George Anastaplo '51 Remembers Justice Black

From the Loyola University Chicago Law Journal:

It has been reported that Justice Black’s first impressions of my Illinois bar admission case were not favorable. Not that he would ever have supported my exclusion from the practice of law (once I had refused to answer questions about political affiliations after I had presumed to endorse the Right of Revolution invoked by the Declaration of Independence), but he was not initially inclined to offer more than his vote in dissent. He had been worn out, it is believed, by repeated futile efforts to counter Cold War passions.

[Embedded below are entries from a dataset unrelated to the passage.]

(* For each $L\in\{3,4,5,6\}$, the class of I$^2$-GNNs can count $L$-cycles at node level: for all node-graph pairs $(i_1,G_1),(i_2,G_2)$ with $C(L\text{-cycle},i_1,G_1)\ne C(L\text{-cycle},i_2,G_2)$, there exists an I$^2$-GNN whose node representations satisfy $h_{i_1}(G_1)\ne h_{i_2}(G_2)$.
   Context: Graphs are finite, simple, undirected, $G=(V,E)$, possibly carrying node attributes $x_v$ and edge attributes $e_{u,v}$ (a fixed constant when absent). $N(v)$ is the neighbour set of $v$. For $L\ge 3$, an $L$-cycle is a sequence of edges $(v_1,v_2),\dots,(v_L,v_{L+1})$ with $v_1,\dots,v_L$ pairwise distinct and $v_{L+1}=v_1$; two cycles are identified when their edge sets coincide; $C(L\text{-cycle},i,G)$ is the number of inequivalent $L$-cycles containing node $i$. A class $\mathcal F$ of functions on node-graph pairs can count $S$ at node level if for all $(i_1,G_1),(i_2,G_2)$ with $C(S,i_1,G_1)\ne C(S,i_2,G_2)$ there is $f\in\mathcal F$ with $f(i_1,G_1)\ne f(i_2,G_2)$. I$^2$-GNNs. An I$^2$-GNN is specified by an integer $K\ge1$, $T$, arbitrary functions $M_t$ (values in some $\mathbb R^{d_t}$), $U_t$, and arbitrary readouts $R_{\text{edge}},R_{\text{node}}$ on finite multisets. For each root $i\in V$ let $(V_i,E_i)$ be the subgraph of $G$ induced by nodes at shortest-path distance at most $K$ from $i$, and $N_i(k)=\{l\in V_i:(k,l)\in E_i\}$. For each $j\in N(i)$ and $k\in V_i$: $h^{(0)}_{i,j,k}=x_k\oplus\mathbb 1_{k=i}\oplus\mathbb 1_{k=j}$ ($\oplus$ = concatenation), $h^{(t+1)}_{i,j,k}=U_t\big(h^{(t)}_{i,j,k},\sum_{l\in N_i(k)}M_t(h^{(t)}_{i,j,k},h^{(t)}_{i,j,l},e_{k,l})\big)$; then $h_{i,j}=R_{\text{edge}}(\{\!\{h^{(T)}_{i,j,k}:k\in V_i\}\!\})$ and $h_i=R_{\text{node}}(\{\!\{h_{i,j}:j\in N(i)\}\!\})$. The node-level function computed is $(i,G)\mapsto h_i$; the class of I$^2$-GNNs consists of all such choices. *)

From HB Require Import structures.
From mathcomp Require Import all_boot all_order all_algebra.
From mathcomp Require Import finmap multiset.
From mathcomp Require Import reals.
Set Implicit Arguments. Unset Strict Implicit. Unset Printing Implicit Defensive.
Import Order.TTheory GRing.Theory Num.Theory.
Local Open Scope ring_scope.

Record graph (R : realType) (dx de : nat) (V : finType) := Graph {
  adj : rel V;
  adj_sym : symmetric adj;
  adj_irr : irreflexive adj;
  xattr : V -> 'rV[R]_dx;
  eattr : V -> V -> 'rV[R]_de;
  eattr_sym : forall u v, eattr u v = eattr v u }.

Section GraphDefs.
Variables (R : realType) (dx de : nat) (V : finType) (G : graph R dx de V).

Definition nbhd (v : V) : {set V} := [set u | adj G v u].

Fixpoint ball (n : nat) (i : V) : {set V} :=
  match n with
  | 0 => [set i]
  | n'.+1 => ball n' i :|: \bigcup_(u in ball n' i) nbhd u
  end.

(* edge set of the closed walk v_1 -> v_2 -> ... -> v_L -> v_1; edges are
   unordered pairs, represented as 2-element sets *)
Definition cycle_edges (s : seq V) : {set {set V}} :=
  [set [set x; next s x] | x in s].

Definition is_Lcycle (L : nat) (s : L.-tuple V) : bool :=
  uniq s && cycle (adj G) s.

(* C(L-cycle, i, G): number of L-cycles containing i, cycles being identified
   when their edge sets coincide *)
Definition count_cycles (L : nat) (i : V) : nat :=
  #|[set cycle_edges (tval s) | s in [pred s : L.-tuple V | is_Lcycle s && (i \in tval s)]]|.
End GraphDefs.

(* dimension of the hidden states at layer t: layer 0 is x_k (+) 1 (+) 1 *)
Definition hdim (dx : nat) (dim : nat -> nat) (t : nat) : nat :=
  if t is t'.+1 then dim t' else (dx + 1 + 1)%N.

Record I2GNN (R : realType) (dx de : nat) := MkI2GNN {
  gK : nat;
  gK_pos : (0 < gK)%N;
  gT : nat;
  gdim : nat -> nat;                      (* hidden dim at layer t+1 *)
  gmdim : nat -> nat;
  gM : forall t, 'rV[R]_(hdim dx gdim t) -> 'rV[R]_(hdim dx gdim t) -> 'rV[R]_de
                 -> 'rV[R]_(gmdim t);
  gU : forall t, 'rV[R]_(hdim dx gdim t) -> 'rV[R]_(gmdim t)
                 -> 'rV[R]_(hdim dx gdim t.+1);
  gpe : nat;
  gpn : nat;
  gRedge : {mset 'rV[R]_(hdim dx gdim gT)}%mset -> 'rV[R]_gpe;
  gRnode : {mset 'rV[R]_gpe}%mset -> 'rV[R]_gpn }.

Section I2GNNDefs.
Variables (R : realType) (dx de : nat) (g : I2GNN R dx de).
Variables (V : finType) (G : graph R dx de V).

Definition Vi (i : V) : {set V} := ball G (gK g) i.
Definition Ni (i k : V) : {set V} := [set l in Vi i | (k \in Vi i) && adj G k l].

Definition indic (b : bool) : 'rV[R]_1 := \row_(_ < 1) (b%:R).

Fixpoint hstate (i j : V) (t : nat) : V -> 'rV[R]_(hdim dx (gdim g) t) :=
  match t return V -> 'rV[R]_(hdim dx (gdim g) t) with
  | 0 => fun k => row_mx (row_mx (xattr G k) (indic (k == i))) (indic (k == j))
  | t'.+1 => fun k =>
      @gU R dx de g t' (hstate i j t' k)
        (\sum_(l in Ni i k) @gM R dx de g t' (hstate i j t' k) (hstate i j t' l) (eattr G k l))
  end.

Definition hedge (i j : V) : 'rV[R]_(gpe g) :=
  @gRedge R dx de g (seq_mset [seq hstate i j (gT g) k | k <- enum (Vi i)]).

Definition hnode (i : V) : 'rV[R]_(gpn g) :=
  @gRnode R dx de g (seq_mset [seq hedge i j | j <- enum (nbhd G i)]).
End I2GNNDefs.

(* Each L-cycle through i is traversed by exactly two sequences (i, v_2, ..., v_L), one per
   orientation, so twice the cycle count is the number of such rooted sequences.  Once the
   second vertex j (a neighbour of i) is fixed, inclusion-exclusion over the possible vertex
   repetitions writes this number, for L <= 6, as a sum over all nodes k of a polynomial in
   a few walk counts between k and the marked nodes i and j: adjacency to i and to j, common
   neighbours, paths of length three.  An I^2-GNN rooted at i with marked neighbour j computes
   these walk counts at every node in three rounds of message passing, which is exact on the
   K-hop subgraph once K >= |V|; summing over k (edge readout) and over j (node readout)
   returns twice the cycle count.  For L = 6 one correction term, coming from a chord between
   i and the third vertex, is not such a node sum, but after exchanging the roles of j and of
   the chord vertex it becomes a product of two node sums minus a third one, which the edge
   readout computes as well. *)

From HB Require Import structures.
From mathcomp Require Import all_boot all_order all_algebra.
From mathcomp Require Import finmap multiset.
From mathcomp Require Import reals.
From mathcomp Require Import ring.
Set Implicit Arguments. Unset Strict Implicit. Unset Printing Implicit Defensive.
Import Order.TTheory GRing.Theory Num.Theory.
Local Open Scope ring_scope.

Besides, he is said to have observed (perhaps to one of his law clerks) that “Anastaplo was too stubborn for his own good.” It can be wondered, therefore, what moved him to the extent he eventually was by my circumstances? His colleague, Justice William J. Brennan, Jr., is said to have told him (upon reading his 1961 dissenting opinion in my case), “You have immortalized George Anastaplo.”

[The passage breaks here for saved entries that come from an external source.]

(* Let $\mathcal S=(\mathcal P,\mathcal L)$ be a linear space with $v$ points, constant line size $k$ with $2<k<v$, and $r$ lines through each point; let $G\le\mathrm{Aut}(\mathcal S)$ be transitive on lines, and let $\mathfrak C$ be a non-trivial $G$-invariant partition of $\mathcal P$. If $\gcd(k,r)\le 8$, then $G$ is $2$-step imprimitive relative to $\mathfrak C$, that is, $\mathfrak C$ is both a minimal and a maximal non-trivial $G$-invariant partition of $\mathcal P$.
   Context: A linear space: a finite set $\mathcal P$ of points and a set $\mathcal L$ of subsets (lines) such that any two distinct points lie on exactly one line and each line has at least two points. A partition is non-trivial if it has more than one class and its classes have more than one element. $\mathfrak C$ is minimal if no non-trivial $G$-invariant partition strictly refines it, and maximal if no non-trivial $G$-invariant partition is strictly coarser than it. *)

From mathcomp Require Import all_boot all_order all_fingroup.
Set Implicit Arguments. Unset Strict Implicit. Unset Printing Implicit Defensive.

Definition linear_space (P : finType) (L : {set {set P}}) : Prop :=
  (forall l, l \in L -> 2 <= #|l|) /\
  (forall x y : P, x != y -> exists! l, l \in L /\ x \in l /\ y \in l).

Definition is_aut (P : finType) (L : {set {set P}}) (g : {perm P}) : Prop :=
  [set (fun x : P => g x) @: l | l : {set P} in L] = L.

Definition line_transitive (P : finType) (L : {set {set P}})
  (G : {group {perm P}}) : Prop :=
  forall l1 l2, l1 \in L -> l2 \in L -> exists2 g : {perm P}, g \in G & (fun x : P => g x) @: l1 = l2.

Definition is_partition (P : finType) (C : {set {set P}}) : Prop :=
  partition C [set: P].

Definition G_invariant (P : finType) (G : {group {perm P}}) (C : {set {set P}}) : Prop :=
  forall g B, g \in G -> B \in C -> (fun x : P => g x) @: B \in C.

Definition nontrivial_partition (P : finType) (C : {set {set P}}) : Prop :=
  is_partition C /\ 1 < #|C| /\ (forall B, B \in C -> 1 < #|B|).

Definition nontrivial_G_partition (P : finType) (G : {group {perm P}})
  (C : {set {set P}}) : Prop :=
  nontrivial_partition C /\ G_invariant G C.

Definition refines (P : finType) (D C : {set {set P}}) : Prop :=
  forall B, B \in D -> exists2 B', B' \in C & B \subset B'.

Definition minimal_G_partition (P : finType) (G : {group {perm P}})
  (C : {set {set P}}) : Prop :=
  ~ exists D, [/\ nontrivial_G_partition G D, refines D C & D != C].

Definition maximal_G_partition (P : finType) (G : {group {perm P}})
  (C : {set {set P}}) : Prop :=
  ~ exists D, [/\ nontrivial_G_partition G D, refines C D & D != C].

From mathcomp Require Import all_boot all_order all_fingroup.
From mathcomp Require Import zify ring.
Set Implicit Arguments. Unset Strict Implicit. Unset Printing Implicit Defensive.

(* A line-transitive group is point-transitive here, so the classes of a
   G-invariant partition have a common size c.  Counting the ordered pairs of
   distinct points in a common class line by line gives (c - 1) k = x r with x
   even, i.e. c = 1 modulo a := 2r / gcd(k, 2r) (Delandtsheer-Doyen).  If a
   non-trivial invariant partition properly refined another one, then
   v = 1 + r(k - 1) would split as a product of three factors, all > 1 and
   = 1 (mod a).  Comparing v >= (1 + a)^3 with v < r^2 <= 64 a^2 leaves finitely
   many cases, which a computation rules out when gcd(k, r) <= 8. *)

(** * Arithmetic *)

Definition class_modulus (k r : nat) : nat := 2 * r %/ gcdn k (2 * r).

Henry Kalven, Jr., who was one of the few members of my University of Chicago Law School faculty to support my position, included this comment on my case in his treatise, A Worthy Tradition: Freedom of Speech in America:

In the end, what is moving about Justice Black’s dissent is its special generosity toward Anastaplo personally. He comes very close to embodying Black’s idea of what a lawyer should be. Black quotes at length and with evident approval Anastaplo’s statements to the committee about the proper role of the bar in American democracy. Black sees him as rejected in reality because he believed too much in the principles of the Declaration of Independence. His final praise is put ironically: “The very most that fairly can be said against Anastaplo’s position in this entire matter is that he took too much of the responsibility of preserving that freedom upon himself.” Thanks to the dissent of Justice Black, the Anastaplo case has in a very real sense a happy ending, although Anastaplo is still not a member of the Illinois bar. He earns the distinctive reward of being enshrined in the pages of the United States Reports in a living opinion by one of the most cherished of justices.